The Cryptographic Framework feature of Oracle Solaris is the central cryptographic store on an Oracle Solaris system and provides two FIPS 140 modules. The userland module supplies cryptography for applications that run in user space and the kernel module provides cryptography for kernel-level processes.
These library modules provide encryption, decryption, hashing, signature generation and verification, certificate generation and verification, and message authentication functions for applications. User-level applications that call into these modules run in FIPS 140 mode, for example, the passwd command and IKEv2. Kernel-level consumers, for example Kerberos and IPsec, use proprietary APIs to call into the kernel Cryptographic Framework.
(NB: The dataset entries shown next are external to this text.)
Lemma Lnu_crossing_t x s t : (s <= t)%R ->
  Lnu X nubar x t + Lnu X nu x s <= Lnu X nu x t + Lnu X nubar x s.
Proof.
move=> st; apply: LnuDr_le => [//||z C zx [sC inC]]; first exact: Lnu_neqNy.
have pC : pairwise (@incr R) C by rewrite -sorted_pairwise //; exact: incr_trans.
pose low := fun u : mpoint R => (u.1.2 <= s)%R.
have eC : C = seq.filter low C ++ seq.filter (predC low) C.
  apply: (filter_downclosed_cat pC) => u v /andP[_ uv] vs; exact: le_trans (ltW uv) vs.
set C1 := seq.filter low C; set C2 := seq.filter (predC low) C.
have /and3P[C1_C2 pC1 pC2] :
    [&& allrel (@incr R) C1 C2, pairwise (@incr R) C1 & pairwise (@incr R) C2].
  by rewrite -pairwise_cat -eC.
set m := \big[Order.max/z]_(u <- C1) u.1.1.
have C1_le_m u : u \in C1 -> (u.1.1 <= m)%R by move=> uC1; exact: le_bigmax_seq uC1 _.
have mx : (m <= x)%R.
  rewrite /m big_seq; apply: bigmax_le => // u.
  by rewrite mem_filter => /andP[_ /inC [_ [/andP[_ ->] _]]].
have m_lt_C2 v : v \in C2 -> (m < v.1.1)%R.
  move=> vC2; rewrite /m big_seq; apply: bigmax_lt => [|u uC1].
    by move: vC2; rewrite mem_filter => /andP[_ /inC [_ [/andP[] //]]].
  by have /andP[] := allrelP C1_C2 _ _ uC1 vC2.
have pathC1 : inc_path z m s C1.
  split; first by rewrite sorted_pairwise //; exact: incr_trans.
  move=> u uC1; have := uC1; rewrite mem_filter => /andP[us /inC [Xu [/andP[zu _] /andP[u0 _]]]].
  by split=> //; split; apply/andP; split=> //; exact: C1_le_m.
have pathC2 : inc_path m x t C2.
  split; first by rewrite sorted_pairwise //; exact: incr_trans.
  move=> u uC2; have := uC2; rewrite mem_filter => /andP[_ /inC [Xu [/andP[_ ux] ut]]].
  by split=> //; split=> //; rewrite m_lt_C2.
have C2_high u : u \in C2 -> (s < u.1.2)%R by rewrite mem_filter /= -ltNge => /andP[].
have -> : weight C = (weight C1 + weight C2)%R by rewrite {1}eC weight_cat.
rewrite addrA EFinD.
apply: (@le_trans _ _ (Lnu X nubar m s + (weight C2)%:E + Lnu X nu x s)).
  by apply: leeD2r; apply: leeD2r; apply: (le_Lnu nubarF_fin _ pathC1); exact: bigmax_ge_id.
rewrite addeAC (addeC (Lnu X nubar m s)).
apply: (@le_trans _ _ (Lnu X nu m s + Lnu X nubar x s + (weight C2)%:E)).
  exact: leeD2r (Lnu_crossing_x s mx).
by rewrite addeAC; apply: leeD2r; apply: (LnuD_weight_le nuF_fin mx st pathC2 C2_high).
Qed.

End Comparison.
End Paths.

Section CountingFunction.
Variable R : realType.
Implicit Types (a b m z : R).

Lemma measure_itv_ocU (mu : {measure set R -> \bar R}) a m b : a <= m -> m <= b ->
  mu `]a, b]%classic = (mu `]a, m]%classic + mu `]m, b]%classic)%E.
Proof.
move=> am mb; rewrite (@itv_bndbnd_setU _ _ (BRight a) (BRight m) (BRight b)) ?bnd_simp //.
apply: measureU; try exact: measurable_itv.
apply/seteqP; split=> u //=; rewrite !in_itv /= => -[/andP[_ um] /andP[mu' _]].
by move: (le_lt_trans um mu'); rewrite ltxx.
Qed.

Variable nu : {measure set R -> \bar R}.
Hypothesis nu_locfin : forall a b, (nu `[a, b]%classic < +oo)%E.

Lemma measure_fin_num_sub (A : set R) a b : measurable A -> A `<=` `[a, b]%classic ->
  nu A \is a fin_num.
Proof.
move=> mA Aab; rewrite ge0_fin_numE ?measure_ge0 //; apply: le_lt_trans (nu_locfin a b).
by apply: le_measure => //; rewrite inE //; exact: measurable_itv.
Qed.

Lemma measure_itv_oc_fin_num a b : nu `]a, b]%classic \is a fin_num.
Proof.
apply: (@measure_fin_num_sub _ a b); first exact: measurable_itv.
by move=> u /=; rewrite !in_itv /= => /andP[au ub]; rewrite (ltW au) ub.
Qed.

Lemma nuF_fin_num z : nuF nu z \is a fin_num.
Proof. by rewrite /nuF; case: ifP => _; rewrite ?fin_numN measure_itv_oc_fin_num. Qed.

Lemma nuF_sub a b : a <= b -> fine (nuF nu b) - fine (nuF nu a) = fine (nu `]a, b]%classic).
Proof.
have fin := measure_itv_oc_fin_num.
move=> ab; rewrite /nuF; case: ifPn => b0; case: ifPn => a0.
- by rewrite (measure_itv_ocU _ a0 ab) fineD //; lra.
- by rewrite -ltNge in a0; rewrite (measure_itv_ocU _ (ltW a0) b0) fineN fineD //; lra.
- by move: b0; rewrite (le_trans a0 ab).
- rewrite -ltNge in a0; rewrite -ltNge in b0.
  by rewrite (measure_itv_ocU _ ab (ltW b0)) !fineN fineD //; lra.
Qed.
The OpenSSL object module provides cryptography for SSH and web applications.
OpenSSL is the Open Source toolkit for the Secure Sockets Layer (SSL v2/v3) and Transport Layer Security (TLS v1) protocols, and provides a cryptography library. In Oracle Solaris, SSH and the Apache Web Server are consumers of the OpenSSL FIPS 140 module.
Oracle Solaris ships a FIPS 140 version of OpenSSL with Oracle Solaris 11.2 that is available to all consumers but the version shipped with Oracle Solaris 11.1 is available to Solaris SSH only.
Because FIPS 140-2 provider modules are CPU intensive, they are not enabled by default. As the administrator, you are responsible for enabling the providers in FIPS 140 mode and configuring consumers.